- [WORK ORDER] Restate verbatim the span of lines below between the line with "M^(w) = mu u^(x)(d-1)" and the line with "polarization identity", including those two lines, and only that span.

** AVAILABLE RECORDS follows **

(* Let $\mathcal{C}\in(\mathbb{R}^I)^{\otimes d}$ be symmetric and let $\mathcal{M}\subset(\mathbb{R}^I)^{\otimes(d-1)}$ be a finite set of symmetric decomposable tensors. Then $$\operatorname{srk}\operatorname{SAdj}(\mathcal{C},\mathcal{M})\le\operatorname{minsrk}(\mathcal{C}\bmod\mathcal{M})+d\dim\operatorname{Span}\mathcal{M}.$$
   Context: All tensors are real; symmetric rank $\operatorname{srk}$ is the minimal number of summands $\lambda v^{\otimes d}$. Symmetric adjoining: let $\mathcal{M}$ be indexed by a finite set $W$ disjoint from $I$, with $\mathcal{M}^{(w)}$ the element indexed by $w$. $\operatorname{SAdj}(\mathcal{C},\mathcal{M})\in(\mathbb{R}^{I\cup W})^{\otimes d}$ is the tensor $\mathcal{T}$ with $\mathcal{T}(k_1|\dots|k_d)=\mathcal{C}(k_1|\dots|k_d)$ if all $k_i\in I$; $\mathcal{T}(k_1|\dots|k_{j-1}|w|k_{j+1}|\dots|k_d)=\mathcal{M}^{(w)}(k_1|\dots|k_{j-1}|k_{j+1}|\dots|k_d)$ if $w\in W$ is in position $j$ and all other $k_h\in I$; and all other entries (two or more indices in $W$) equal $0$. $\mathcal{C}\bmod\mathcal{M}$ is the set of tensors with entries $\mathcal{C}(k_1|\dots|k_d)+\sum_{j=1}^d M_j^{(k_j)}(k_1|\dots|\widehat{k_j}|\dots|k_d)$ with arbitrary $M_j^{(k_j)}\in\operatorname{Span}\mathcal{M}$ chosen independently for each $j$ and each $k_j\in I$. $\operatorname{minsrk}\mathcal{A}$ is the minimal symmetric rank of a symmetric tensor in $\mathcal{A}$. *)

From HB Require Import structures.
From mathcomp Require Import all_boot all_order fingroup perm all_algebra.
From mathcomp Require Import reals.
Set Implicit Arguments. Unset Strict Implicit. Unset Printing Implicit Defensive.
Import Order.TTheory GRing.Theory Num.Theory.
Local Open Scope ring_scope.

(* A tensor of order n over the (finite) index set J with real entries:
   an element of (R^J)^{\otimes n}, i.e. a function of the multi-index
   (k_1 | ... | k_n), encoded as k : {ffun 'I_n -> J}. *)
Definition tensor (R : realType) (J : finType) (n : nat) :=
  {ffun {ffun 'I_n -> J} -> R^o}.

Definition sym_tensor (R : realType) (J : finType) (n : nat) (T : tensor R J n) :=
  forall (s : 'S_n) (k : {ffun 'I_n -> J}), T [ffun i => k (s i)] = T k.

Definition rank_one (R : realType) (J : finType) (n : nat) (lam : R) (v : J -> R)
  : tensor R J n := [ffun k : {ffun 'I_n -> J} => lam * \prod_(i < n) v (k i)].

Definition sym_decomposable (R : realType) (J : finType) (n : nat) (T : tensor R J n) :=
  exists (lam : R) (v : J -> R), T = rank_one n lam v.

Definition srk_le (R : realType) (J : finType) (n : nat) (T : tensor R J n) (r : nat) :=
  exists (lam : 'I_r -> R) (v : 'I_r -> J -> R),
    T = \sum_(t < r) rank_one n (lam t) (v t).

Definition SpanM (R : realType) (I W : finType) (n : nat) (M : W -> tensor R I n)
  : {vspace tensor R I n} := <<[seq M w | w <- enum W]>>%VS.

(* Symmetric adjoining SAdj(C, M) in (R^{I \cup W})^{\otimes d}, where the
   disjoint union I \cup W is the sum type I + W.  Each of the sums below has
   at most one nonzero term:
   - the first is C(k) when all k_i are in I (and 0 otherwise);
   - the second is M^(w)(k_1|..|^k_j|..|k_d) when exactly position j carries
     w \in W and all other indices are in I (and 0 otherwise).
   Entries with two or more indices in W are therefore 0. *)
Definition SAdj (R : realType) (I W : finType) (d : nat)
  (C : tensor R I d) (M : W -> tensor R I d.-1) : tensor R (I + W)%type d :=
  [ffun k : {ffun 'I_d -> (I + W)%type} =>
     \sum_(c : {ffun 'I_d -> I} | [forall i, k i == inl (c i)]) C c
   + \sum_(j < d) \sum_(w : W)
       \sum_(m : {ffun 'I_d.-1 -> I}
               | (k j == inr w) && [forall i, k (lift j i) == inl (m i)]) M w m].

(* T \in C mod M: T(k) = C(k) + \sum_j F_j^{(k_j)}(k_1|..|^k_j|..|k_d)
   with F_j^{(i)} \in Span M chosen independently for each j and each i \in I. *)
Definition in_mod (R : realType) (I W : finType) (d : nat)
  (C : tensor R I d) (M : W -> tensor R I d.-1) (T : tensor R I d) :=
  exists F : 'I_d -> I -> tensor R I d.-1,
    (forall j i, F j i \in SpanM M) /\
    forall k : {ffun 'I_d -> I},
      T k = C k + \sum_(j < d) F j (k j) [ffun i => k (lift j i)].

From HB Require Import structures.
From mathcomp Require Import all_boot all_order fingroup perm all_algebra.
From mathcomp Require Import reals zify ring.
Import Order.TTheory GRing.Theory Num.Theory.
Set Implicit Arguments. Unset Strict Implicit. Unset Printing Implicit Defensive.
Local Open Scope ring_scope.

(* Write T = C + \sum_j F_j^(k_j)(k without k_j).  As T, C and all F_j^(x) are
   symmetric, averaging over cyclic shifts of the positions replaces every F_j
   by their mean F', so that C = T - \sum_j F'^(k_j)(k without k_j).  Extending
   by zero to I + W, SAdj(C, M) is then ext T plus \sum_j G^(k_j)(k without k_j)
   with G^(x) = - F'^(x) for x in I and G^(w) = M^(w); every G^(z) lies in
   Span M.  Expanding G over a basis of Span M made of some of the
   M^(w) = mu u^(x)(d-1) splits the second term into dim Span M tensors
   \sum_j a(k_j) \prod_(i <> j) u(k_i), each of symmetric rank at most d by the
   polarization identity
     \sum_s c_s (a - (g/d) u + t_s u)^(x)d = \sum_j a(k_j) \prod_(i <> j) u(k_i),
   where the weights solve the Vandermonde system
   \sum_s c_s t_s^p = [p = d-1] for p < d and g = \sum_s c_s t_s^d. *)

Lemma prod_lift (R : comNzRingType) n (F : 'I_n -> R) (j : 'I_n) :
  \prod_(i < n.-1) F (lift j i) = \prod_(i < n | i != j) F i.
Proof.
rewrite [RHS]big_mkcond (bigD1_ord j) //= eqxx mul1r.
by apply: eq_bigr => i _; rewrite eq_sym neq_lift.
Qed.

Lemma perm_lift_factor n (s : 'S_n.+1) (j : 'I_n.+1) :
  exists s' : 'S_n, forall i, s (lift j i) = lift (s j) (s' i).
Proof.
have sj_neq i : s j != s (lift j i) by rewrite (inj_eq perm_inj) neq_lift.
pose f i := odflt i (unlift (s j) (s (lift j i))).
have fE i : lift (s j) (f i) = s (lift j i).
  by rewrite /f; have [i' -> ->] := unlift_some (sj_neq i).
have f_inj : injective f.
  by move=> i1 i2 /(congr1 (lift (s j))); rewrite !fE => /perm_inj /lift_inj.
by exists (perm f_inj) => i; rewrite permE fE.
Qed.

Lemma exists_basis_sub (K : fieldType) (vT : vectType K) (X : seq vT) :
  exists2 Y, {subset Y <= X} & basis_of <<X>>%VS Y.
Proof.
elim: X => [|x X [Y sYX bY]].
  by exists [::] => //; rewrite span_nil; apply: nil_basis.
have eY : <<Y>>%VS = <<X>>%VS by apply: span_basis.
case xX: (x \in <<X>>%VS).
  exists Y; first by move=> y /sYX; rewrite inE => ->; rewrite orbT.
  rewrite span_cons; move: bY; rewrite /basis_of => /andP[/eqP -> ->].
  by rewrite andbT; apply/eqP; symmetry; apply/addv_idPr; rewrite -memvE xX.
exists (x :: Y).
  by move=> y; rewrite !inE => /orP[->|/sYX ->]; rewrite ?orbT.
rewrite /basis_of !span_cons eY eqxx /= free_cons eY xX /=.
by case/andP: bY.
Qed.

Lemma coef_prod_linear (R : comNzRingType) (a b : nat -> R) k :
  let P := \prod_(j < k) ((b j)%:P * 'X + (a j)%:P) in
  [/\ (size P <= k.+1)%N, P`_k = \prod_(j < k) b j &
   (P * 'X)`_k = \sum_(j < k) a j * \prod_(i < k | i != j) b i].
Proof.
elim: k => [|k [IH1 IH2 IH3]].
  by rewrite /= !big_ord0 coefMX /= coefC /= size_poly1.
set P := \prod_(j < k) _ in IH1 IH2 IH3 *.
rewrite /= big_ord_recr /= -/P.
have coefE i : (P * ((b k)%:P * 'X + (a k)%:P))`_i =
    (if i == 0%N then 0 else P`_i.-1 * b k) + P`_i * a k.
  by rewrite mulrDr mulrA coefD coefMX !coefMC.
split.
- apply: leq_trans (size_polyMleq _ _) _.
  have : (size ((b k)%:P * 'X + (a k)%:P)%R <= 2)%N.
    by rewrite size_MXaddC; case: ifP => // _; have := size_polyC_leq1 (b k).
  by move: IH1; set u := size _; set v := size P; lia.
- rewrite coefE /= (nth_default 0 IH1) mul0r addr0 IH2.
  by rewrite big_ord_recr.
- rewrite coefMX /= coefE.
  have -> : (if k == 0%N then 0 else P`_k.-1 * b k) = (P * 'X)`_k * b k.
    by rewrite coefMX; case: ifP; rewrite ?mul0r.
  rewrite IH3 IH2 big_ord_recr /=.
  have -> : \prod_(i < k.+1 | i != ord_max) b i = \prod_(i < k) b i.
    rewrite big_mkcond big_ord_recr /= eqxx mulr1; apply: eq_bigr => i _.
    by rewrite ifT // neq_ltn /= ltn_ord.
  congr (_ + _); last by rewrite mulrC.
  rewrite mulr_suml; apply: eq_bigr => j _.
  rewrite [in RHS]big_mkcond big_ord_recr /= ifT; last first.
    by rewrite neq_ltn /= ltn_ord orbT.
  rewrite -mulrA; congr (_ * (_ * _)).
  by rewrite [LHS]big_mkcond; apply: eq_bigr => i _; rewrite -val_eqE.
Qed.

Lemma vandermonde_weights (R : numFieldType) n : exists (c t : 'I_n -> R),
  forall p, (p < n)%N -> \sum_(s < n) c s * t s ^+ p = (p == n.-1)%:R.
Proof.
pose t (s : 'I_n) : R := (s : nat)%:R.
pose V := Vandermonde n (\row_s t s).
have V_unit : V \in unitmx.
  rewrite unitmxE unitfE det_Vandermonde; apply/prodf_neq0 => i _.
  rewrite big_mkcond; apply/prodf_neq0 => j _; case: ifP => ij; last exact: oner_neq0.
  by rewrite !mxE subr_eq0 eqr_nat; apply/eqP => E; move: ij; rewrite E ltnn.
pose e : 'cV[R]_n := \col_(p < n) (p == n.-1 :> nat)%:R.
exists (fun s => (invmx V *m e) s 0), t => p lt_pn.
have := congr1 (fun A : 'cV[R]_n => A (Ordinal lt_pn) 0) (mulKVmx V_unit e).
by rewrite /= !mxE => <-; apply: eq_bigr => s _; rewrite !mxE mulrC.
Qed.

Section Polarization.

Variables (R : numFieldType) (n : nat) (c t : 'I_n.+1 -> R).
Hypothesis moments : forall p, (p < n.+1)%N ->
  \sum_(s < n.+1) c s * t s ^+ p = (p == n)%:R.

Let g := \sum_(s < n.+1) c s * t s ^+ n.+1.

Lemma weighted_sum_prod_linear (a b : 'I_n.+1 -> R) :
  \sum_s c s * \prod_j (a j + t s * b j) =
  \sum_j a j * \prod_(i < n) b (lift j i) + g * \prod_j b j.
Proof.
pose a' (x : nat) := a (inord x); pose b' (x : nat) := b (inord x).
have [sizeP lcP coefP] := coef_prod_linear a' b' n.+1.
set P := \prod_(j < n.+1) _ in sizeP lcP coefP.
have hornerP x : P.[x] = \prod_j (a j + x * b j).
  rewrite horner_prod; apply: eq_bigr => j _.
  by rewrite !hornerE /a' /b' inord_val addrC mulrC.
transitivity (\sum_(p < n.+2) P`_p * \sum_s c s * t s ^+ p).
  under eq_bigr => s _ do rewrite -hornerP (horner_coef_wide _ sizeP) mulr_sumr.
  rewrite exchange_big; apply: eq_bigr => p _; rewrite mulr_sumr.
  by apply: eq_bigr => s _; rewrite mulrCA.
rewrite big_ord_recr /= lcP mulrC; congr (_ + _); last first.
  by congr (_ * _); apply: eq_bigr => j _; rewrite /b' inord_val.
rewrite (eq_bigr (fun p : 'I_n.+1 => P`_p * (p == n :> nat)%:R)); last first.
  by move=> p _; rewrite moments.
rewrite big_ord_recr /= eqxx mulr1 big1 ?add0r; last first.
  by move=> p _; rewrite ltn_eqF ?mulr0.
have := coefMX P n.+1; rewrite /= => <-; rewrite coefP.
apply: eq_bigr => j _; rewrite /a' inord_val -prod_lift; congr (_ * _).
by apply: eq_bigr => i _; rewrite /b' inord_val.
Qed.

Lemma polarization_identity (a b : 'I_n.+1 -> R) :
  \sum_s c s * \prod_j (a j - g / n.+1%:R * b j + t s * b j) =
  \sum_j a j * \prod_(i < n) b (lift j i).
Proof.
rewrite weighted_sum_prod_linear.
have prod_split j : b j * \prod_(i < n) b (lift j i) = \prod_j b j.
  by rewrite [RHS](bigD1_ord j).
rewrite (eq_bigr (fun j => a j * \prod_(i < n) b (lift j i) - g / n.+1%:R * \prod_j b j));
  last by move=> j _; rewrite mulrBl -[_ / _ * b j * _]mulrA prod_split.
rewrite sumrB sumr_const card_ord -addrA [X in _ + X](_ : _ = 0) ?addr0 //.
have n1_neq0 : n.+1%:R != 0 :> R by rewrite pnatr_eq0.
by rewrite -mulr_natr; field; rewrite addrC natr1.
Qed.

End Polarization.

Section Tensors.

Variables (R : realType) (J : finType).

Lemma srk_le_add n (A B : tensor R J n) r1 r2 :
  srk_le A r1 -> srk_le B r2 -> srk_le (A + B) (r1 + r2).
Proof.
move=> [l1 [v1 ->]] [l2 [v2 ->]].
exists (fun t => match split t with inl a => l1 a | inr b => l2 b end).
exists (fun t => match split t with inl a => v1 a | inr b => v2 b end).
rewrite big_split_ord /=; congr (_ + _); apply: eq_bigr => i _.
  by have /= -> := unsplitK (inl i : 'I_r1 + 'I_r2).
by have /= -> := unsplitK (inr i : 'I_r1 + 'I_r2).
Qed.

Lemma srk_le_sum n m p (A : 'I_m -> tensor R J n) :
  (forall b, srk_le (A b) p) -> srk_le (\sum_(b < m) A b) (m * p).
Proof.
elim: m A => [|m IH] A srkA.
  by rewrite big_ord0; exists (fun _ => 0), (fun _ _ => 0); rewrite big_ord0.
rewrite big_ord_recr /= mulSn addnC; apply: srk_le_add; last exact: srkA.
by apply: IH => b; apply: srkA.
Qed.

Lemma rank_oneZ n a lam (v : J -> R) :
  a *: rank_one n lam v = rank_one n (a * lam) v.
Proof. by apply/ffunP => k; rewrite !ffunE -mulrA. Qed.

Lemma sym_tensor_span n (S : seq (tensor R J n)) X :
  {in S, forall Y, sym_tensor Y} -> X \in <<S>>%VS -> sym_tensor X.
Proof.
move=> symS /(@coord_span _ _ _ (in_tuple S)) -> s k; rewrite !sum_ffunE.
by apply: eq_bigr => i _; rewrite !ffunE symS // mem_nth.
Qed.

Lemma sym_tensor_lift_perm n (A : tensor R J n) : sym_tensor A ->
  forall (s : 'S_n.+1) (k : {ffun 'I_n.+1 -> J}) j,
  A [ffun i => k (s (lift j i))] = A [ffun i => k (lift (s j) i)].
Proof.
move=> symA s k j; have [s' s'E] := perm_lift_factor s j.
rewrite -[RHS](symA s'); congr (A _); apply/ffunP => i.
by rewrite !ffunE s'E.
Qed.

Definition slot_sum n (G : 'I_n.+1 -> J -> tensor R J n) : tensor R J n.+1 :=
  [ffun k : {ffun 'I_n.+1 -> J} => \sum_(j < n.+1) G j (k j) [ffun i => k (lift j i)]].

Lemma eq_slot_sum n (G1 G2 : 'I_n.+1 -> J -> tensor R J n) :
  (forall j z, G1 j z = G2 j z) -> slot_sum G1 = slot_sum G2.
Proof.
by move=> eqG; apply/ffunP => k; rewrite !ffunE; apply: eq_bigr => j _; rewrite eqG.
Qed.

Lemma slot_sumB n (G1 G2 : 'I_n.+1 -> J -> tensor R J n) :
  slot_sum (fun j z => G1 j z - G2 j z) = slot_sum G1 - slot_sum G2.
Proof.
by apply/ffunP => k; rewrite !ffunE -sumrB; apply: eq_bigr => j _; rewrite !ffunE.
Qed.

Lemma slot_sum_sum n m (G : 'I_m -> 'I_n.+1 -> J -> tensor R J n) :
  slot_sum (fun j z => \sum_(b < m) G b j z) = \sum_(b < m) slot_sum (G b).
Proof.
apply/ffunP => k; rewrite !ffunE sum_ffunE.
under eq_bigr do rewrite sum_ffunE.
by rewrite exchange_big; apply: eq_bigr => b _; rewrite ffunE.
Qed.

** End of AVAILABLE RECORDS **
** AVAILABLE RECORDS follows **

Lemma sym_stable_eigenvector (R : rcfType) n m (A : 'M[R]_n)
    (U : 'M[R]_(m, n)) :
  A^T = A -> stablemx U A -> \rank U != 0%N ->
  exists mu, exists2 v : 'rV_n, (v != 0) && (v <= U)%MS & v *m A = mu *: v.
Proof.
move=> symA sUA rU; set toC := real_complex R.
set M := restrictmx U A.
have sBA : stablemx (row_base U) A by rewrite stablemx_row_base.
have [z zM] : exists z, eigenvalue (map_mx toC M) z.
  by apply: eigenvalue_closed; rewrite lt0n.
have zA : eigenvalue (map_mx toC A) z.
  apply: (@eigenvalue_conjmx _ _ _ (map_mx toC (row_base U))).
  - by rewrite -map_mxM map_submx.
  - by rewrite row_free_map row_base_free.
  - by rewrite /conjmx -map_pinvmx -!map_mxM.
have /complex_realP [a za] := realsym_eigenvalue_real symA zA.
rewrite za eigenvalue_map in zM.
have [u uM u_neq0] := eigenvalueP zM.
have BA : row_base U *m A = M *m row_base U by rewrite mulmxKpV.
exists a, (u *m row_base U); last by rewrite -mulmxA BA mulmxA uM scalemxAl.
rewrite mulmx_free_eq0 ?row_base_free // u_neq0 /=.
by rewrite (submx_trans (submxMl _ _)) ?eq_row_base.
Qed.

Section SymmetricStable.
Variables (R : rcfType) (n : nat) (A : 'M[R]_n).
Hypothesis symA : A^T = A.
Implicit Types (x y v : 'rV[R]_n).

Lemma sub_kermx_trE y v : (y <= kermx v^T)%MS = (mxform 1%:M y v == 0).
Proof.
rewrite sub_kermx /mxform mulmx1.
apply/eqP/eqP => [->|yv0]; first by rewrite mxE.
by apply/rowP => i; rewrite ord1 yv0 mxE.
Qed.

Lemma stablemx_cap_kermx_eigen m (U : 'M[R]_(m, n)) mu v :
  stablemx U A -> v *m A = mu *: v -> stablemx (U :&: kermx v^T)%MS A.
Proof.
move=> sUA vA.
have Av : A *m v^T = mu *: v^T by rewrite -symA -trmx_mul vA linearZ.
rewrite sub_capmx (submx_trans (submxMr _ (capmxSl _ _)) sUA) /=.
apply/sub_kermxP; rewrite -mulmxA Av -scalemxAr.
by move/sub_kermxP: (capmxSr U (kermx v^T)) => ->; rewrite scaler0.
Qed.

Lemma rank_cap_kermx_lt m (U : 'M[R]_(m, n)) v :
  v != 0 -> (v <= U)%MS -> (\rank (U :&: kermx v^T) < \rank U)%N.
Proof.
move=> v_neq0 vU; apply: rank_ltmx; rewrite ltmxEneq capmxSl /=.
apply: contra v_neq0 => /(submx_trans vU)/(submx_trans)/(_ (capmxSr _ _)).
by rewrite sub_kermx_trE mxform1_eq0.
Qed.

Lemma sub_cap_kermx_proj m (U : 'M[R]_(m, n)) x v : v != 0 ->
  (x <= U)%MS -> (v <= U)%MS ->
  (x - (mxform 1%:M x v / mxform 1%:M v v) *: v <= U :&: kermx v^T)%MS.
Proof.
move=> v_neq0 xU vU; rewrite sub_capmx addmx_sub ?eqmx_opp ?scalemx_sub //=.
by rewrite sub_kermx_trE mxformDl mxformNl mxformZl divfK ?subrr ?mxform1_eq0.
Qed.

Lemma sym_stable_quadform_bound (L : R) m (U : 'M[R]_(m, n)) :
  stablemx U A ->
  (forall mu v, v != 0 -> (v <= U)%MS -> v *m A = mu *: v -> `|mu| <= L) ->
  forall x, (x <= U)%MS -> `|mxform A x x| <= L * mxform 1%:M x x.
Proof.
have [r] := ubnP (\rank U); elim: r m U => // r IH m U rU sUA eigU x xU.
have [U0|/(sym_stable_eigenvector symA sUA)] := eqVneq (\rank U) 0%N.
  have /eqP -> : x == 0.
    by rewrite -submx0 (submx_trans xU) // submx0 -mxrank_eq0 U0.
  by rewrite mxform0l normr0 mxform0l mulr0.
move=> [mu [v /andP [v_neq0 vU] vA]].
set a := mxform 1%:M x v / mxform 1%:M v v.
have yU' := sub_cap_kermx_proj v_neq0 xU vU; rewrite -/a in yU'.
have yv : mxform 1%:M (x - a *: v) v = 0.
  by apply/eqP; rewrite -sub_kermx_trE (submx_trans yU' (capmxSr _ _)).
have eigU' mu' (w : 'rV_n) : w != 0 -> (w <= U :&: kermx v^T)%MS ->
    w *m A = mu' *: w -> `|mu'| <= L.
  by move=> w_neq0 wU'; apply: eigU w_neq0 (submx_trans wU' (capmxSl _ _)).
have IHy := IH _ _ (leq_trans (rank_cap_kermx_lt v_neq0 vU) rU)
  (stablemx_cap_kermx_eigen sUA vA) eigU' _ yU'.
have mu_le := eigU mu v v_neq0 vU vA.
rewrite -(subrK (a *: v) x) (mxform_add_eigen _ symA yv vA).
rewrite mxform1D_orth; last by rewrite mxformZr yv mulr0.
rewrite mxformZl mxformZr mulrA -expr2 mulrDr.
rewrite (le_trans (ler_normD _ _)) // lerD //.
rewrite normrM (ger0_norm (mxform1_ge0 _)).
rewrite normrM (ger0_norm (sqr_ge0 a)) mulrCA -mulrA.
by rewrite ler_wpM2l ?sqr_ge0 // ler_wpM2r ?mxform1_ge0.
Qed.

** End of AVAILABLE RECORDS **

- [RESPONSE AREA]
   M^(w) = mu u^(x)(d-1) splits the second term into dim Span M tensors
   \sum_j a(k_j) \prod_(i <> j) u(k_i), each of symmetric rank at most d by the
   polarization identity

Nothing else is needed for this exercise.